Ao dizer que a meritocracia é, na verdade, um modelo de gestão em que se premia o mérito de cada um, Fonseca parece dar a entender que ela é algo alheio à lógica do mercado. Devemos supor, então, que o mérito idealmente premiado na meritocracia seja diferente daquele encontrado na fórmula de geração de valor? Se é a geração de valor que orienta o mercado, como não seria também a geração de valor aquilo que a meritocracia premiaria? Mesmo quando se premia o mérito potencial de alguém, independentemente de seu alcance, não se faz esse prêmio justamente pensando no alcance que o trabalho desse indivíduo pode ter? Ou se um empregador premia um funcionário pelo alcance de seu trabalho, esperando qualificá-lo para melhorar a qualidade de seu serviço/produto, seu mérito, isso também não está inserido na mesma lógica descrita por Fonseca, que visa otimizar a geração de valor?

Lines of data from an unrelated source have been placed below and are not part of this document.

Lemma minimal_factorization_cube A X :
  mirreducible mul one A -> mul A (mul A A) = X ->
  X <> one -> X <> A -> X <> mul A A -> minimal_factorization mul one [A; A; A] X.
Proof.
  intros HA HX Hone HXA HXAA. apply Pfin1_minimal_factorization_intro.
  - repeat (apply Forall_cons; [assumption |]); apply Forall_nil.
  - cbn. now rewrite Pfin1_mul_one_r.
  - intros c Hlen Hincl.
    assert (Hc : forall C, In C c -> C = A)
      by (intros C HC; destruct (Hincl C HC) as [| [| [| []]]]; auto).
    destruct c as [| C1 [| C2 [| ? ?]]]; simpl in Hlen; try lia; cbn;
      rewrite ?Pfin1_mul_one_r, ?(Hc C1), ?(Hc C2); simpl; auto using not_eq_sym.
Qed.

Hypothesis Pfin1_UmF : UmF mul one.

Lemma Pfin1_minimal_factorizations_letter_mismatch a b X A :
  minimal_factorization mul one a X -> minimal_factorization mul one b X ->
  In A a -> (forall B, In B b -> B <> A) -> False.
Proof.
  intros Ha Hb HA Hnot.
  destruct (UmF_minimal_factorizations_letters _ _ _ _ _ _ Pfin1_UmF Ha Hb A HA)
    as (B & HB & HAB).
  exact (Hnot B HB (eq_sym (Pfin1_massoc_eq _ _ HAB))).
Qed.

Ltac Pfin1_letter_absent :=
  let B := fresh "B" in let HB := fresh "HB" in
  intros B HB; simpl in HB;
  repeat (destruct HB as [<- | HB]; [Pfin1_compute; Pfin1_neq |]);
  contradiction.

Ltac Pfin1_solve :=
  lazymatch goal with
  | |- minimal_factorization _ _ [_; _] _ => apply minimal_factorization_pair; Pfin1_solve
  | |- minimal_factorization _ _ [_; _; _] _ => apply minimal_factorization_cube; Pfin1_solve
  | |- mirreducible _ _ (Pfin1_of_list [_]) => apply Pfin1_singleton_irreducible; congruence
  | |- mirreducible _ _ (Pfin1_of_list [_; _]) => apply Pfin1_pair_irreducible; assumption
  | |- In _ _ => in_list
  | |- forall B, In B _ -> _ => Pfin1_letter_absent
  | |- _ = _ => Pfin1_compute; Pfin1_eq
  | |- _ <> _ => Pfin1_compute; Pfin1_neq
  end.

Lemma square_one_or_idempotent h : op h h = e \/ op h h = h.
Proof.
  destruct (classic (h = e)) as [-> | Hh]; [left; apply op_e_l |].
  apply NNPP; intros Hn; apply not_or_and in Hn as [Hhh_e Hhh_h].
  destruct (classic (op h (op h h) = e \/ op h (op h h) = h \/ op h (op h h) = op h h))
    as [Hcube | Hcube].
  - destruct Hcube as [Hcube | [Hcube | Hcube]];
      apply (Pfin1_minimal_factorizations_letter_mismatch [⟨h⟩; ⟨op h h⟩] [⟨h⟩; ⟨h⟩]
               (Pfin1_of_list [e; h; op h h]) ⟨op h h⟩); Pfin1_solve.
  - apply not_or_and in Hcube as [Hcube_e Hcube].
    apply not_or_and in Hcube as [Hcube_h Hcube_hh].
    apply (Pfin1_minimal_factorizations_letter_mismatch
             [⟨h⟩; ⟨op h h⟩] [⟨h⟩; ⟨h⟩; ⟨h⟩]
             (Pfin1_of_list [e; h; op h h; op h (op h h)]) ⟨op h h⟩); Pfin1_solve.
Qed.

Lemma involution_absorbs a b : op b b = e -> a <> e -> b <> e -> a <> b ->
  op a b = a /\ op b a = a.
Proof.
  intros Hbb Ha Hb Hab.
  assert (Hr : op (op a b) b = a) by now rewrite <- op_assoc, Hbb, op_e_r.
  assert (Hl : op b (op b a) = a) by now rewrite op_assoc, Hbb, op_e_l.
  assert (Hab_e : op a b <> e) by (intros E; apply Hab; rewrite <- Hr, E; apply op_e_l).
  assert (Hba_e : op b a <> e) by (intros E; apply Hab; rewrite <- Hl, E; apply op_e_r).
  split; apply NNPP; intros Hn.
  - apply (Pfin1_minimal_factorizations_letter_mismatch [⟨a⟩; ⟨b⟩] [⟨op a b⟩; ⟨b⟩]
             (Pfin1_of_list [e; a; b; op a b]) ⟨a⟩); Pfin1_solve.
  - apply (Pfin1_minimal_factorizations_letter_mismatch [⟨b⟩; ⟨a⟩] [⟨b⟩; ⟨op b a⟩]
             (Pfin1_of_list [e; a; b; op b a]) ⟨a⟩); Pfin1_solve.
Qed.

Lemma idempotents_product x y : x <> e -> y <> e -> x <> y -> op x x = x -> op y y = y ->
  op x y <> e -> op y x <> e -> (op x y = x \/ op x y = y) \/ (op y x = x \/ op y x = y).
Proof.
  intros Hx Hy Hxy Hxx Hyy Hxy_e Hyx_e.
  apply NNPP; intros Hn.
  apply not_or_and in Hn as [Hn_xy Hn_yx].
  apply not_or_and in Hn_xy as [Hxy_x Hxy_y]; apply not_or_and in Hn_yx as [Hyx_x Hyx_y].
  apply (Pfin1_minimal_factorizations_letter_mismatch [⟨y⟩; ⟨x⟩] [⟨x, y⟩; ⟨x⟩]
           (Pfin1_of_list [e; x; y; op y x]) ⟨y⟩); Pfin1_solve.
Qed.

Lemma unit_e : is_unit op e e.
Proof. exists e; split; apply op_e_l. Qed.

Lemma unit_cancel_l u a b : is_unit op e u -> op u a = op u b -> a = b.
Proof.
  intros (v & _ & Hvu) E.
  rewrite <- (op_e_l a), <- (op_e_l b), <- Hvu, <- !op_assoc, E; reflexivity.
Qed.

Lemma right_inverse_unit x y : op x y = e -> is_unit op e x.
Proof.
  intros Hxy. destruct (square_one_or_idempotent x) as [Hxx | Hxx]; [exists x; auto |].
  assert (x = e) as ->.
  { transitivity (op (op x x) y); [now rewrite <- op_assoc, Hxy, op_e_r | now rewrite Hxx]. }
  apply unit_e.
Qed.

Lemma nonunit_mul_l x y : ~ is_unit op e x -> ~ is_unit op e (op x y).
Proof.
  intros Hx (w & Hw & _). apply Hx, (right_inverse_unit x (op y w)). now rewrite op_assoc.
Qed.

Lemma nonunit_neq_e y : ~ is_unit op e y -> y <> e.
Proof. intros Hy ->. exact (Hy unit_e). Qed.

Lemma nonunit_mul_neq_e x y : ~ is_unit op e x -> op x y <> e.
Proof. intros Hx E. exact (Hx (right_inverse_unit x y E)). Qed.

Lemma nonunit_idempotent y : ~ is_unit op e y -> op y y = y.
Proof.
  intros Hy. destruct (square_one_or_idempotent y) as [Hyy | Hyy]; [| exact Hyy].
  contradiction Hy; exists y; auto.
Qed.

Lemma unit_square u : is_unit op e u -> op u u = e.
Proof.
  intros Hu. destruct (square_one_or_idempotent u) as [Huu | Huu]; [exact Huu |].
  assert (u = e) as -> by (apply (unit_cancel_l u _ _ Hu); now rewrite op_e_r).
  apply op_e_l.
Qed.

Lemma units_at_most_two : exists u1 u2, forall u, is_unit op e u -> u = u1 \/ u = u2.
Proof.
  destruct (classic (exists v, is_unit op e v /\ v <> e)) as [(v & Hv & Hve) | Hnone].
  - exists e, v. intros u Hu.
    destruct (classic (u = e)) as [Hue | Hue]; [now left | right].
    apply NNPP; intros Huv. apply Hve, (unit_cancel_l u _ _ Hu).
    rewrite op_e_r. exact (proj1 (involution_absorbs u v (unit_square v Hv) Hue Hve Huv)).
  - exists e, e. intros u Hu. left. apply NNPP; intros Hue. apply Hnone; eauto.
Qed.

Lemma units_fix_nonunits u y : is_unit op e u -> ~ is_unit op e y ->
  op u y = y /\ op y u = y.
Proof.
  intros Hu Hy. destruct (classic (u = e)) as [-> | Hue]; [now rewrite op_e_l, op_e_r |].
  assert (Hyu : y <> u) by (intros ->; contradiction).
  destruct (involution_absorbs y u (unit_square u Hu) (nonunit_neq_e y Hy) Hue Hyu).
  split; assumption.
Qed.

Lemma nonunits_almost_breakable : almost_breakable_subsemigroup op (fun y => ~ is_unit op e y).
Proof.
  split; [intros x y Hx _; exact (nonunit_mul_l x y Hx) |].
  intros x y Hx Hy.
  destruct (classic (x = y)) as [<- | Hxy]; [left; left; exact (nonunit_idempotent x Hx) |].
  apply idempotents_product;
    auto using nonunit_neq_e, nonunit_idempotent, nonunit_mul_neq_e.
Qed.

End UmFPfin1.

Theorem lemma3p5 (H : Type) (op : H -> H -> H) (e : H)
  (op_assoc : forall x y z, op x (op y z) = op (op x y) z)
  (op_e_l : forall x, op e x = x) (op_e_r : forall x, op x e = x) :
  UmF (Pfin1_mul op (op_e_l e)) (Pfin1_one e) ->
  (exists u1 u2 : H, forall u, is_unit op e u -> u = u1 \/ u = u2) /\
  (forall u y, is_unit op e u -> ~ is_unit op e y -> op u y = y /\ op y u = y) /\
  almost_breakable_subsemigroup op (fun y => ~ is_unit op e y).
Proof.
  intros HUmF. split; [| split].
  - exact (units_at_most_two H op e op_assoc op_e_l op_e_r HUmF).
  - exact (units_fix_nonunits H op e op_assoc op_e_l op_e_r HUmF).
  - exact (nonunits_almost_breakable H op e op_assoc op_e_l op_e_r HUmF).
Qed.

Para além do senso comum, o que Fonseca não nos diz é que o termo meritocracia foi cunhado em 1958 por Michael Young, em seu livro The Rise of the Meritocracy, a partir do termo latino meritum, que em Português nos legou “mérito”, e o termo grego κράτος (krátos), “força”. Apesar da adoção positiva que a palavra teve tanto em Inglês como em Português, é importante notar que ela surge, no livro de Young, dentro de um ambiente satírico, ambientado em uma sociedade distópica obcecada em identificar e premiar, desde cedo, por meio de uma educação especial, as pessoas mais inteligentes e esforçadas.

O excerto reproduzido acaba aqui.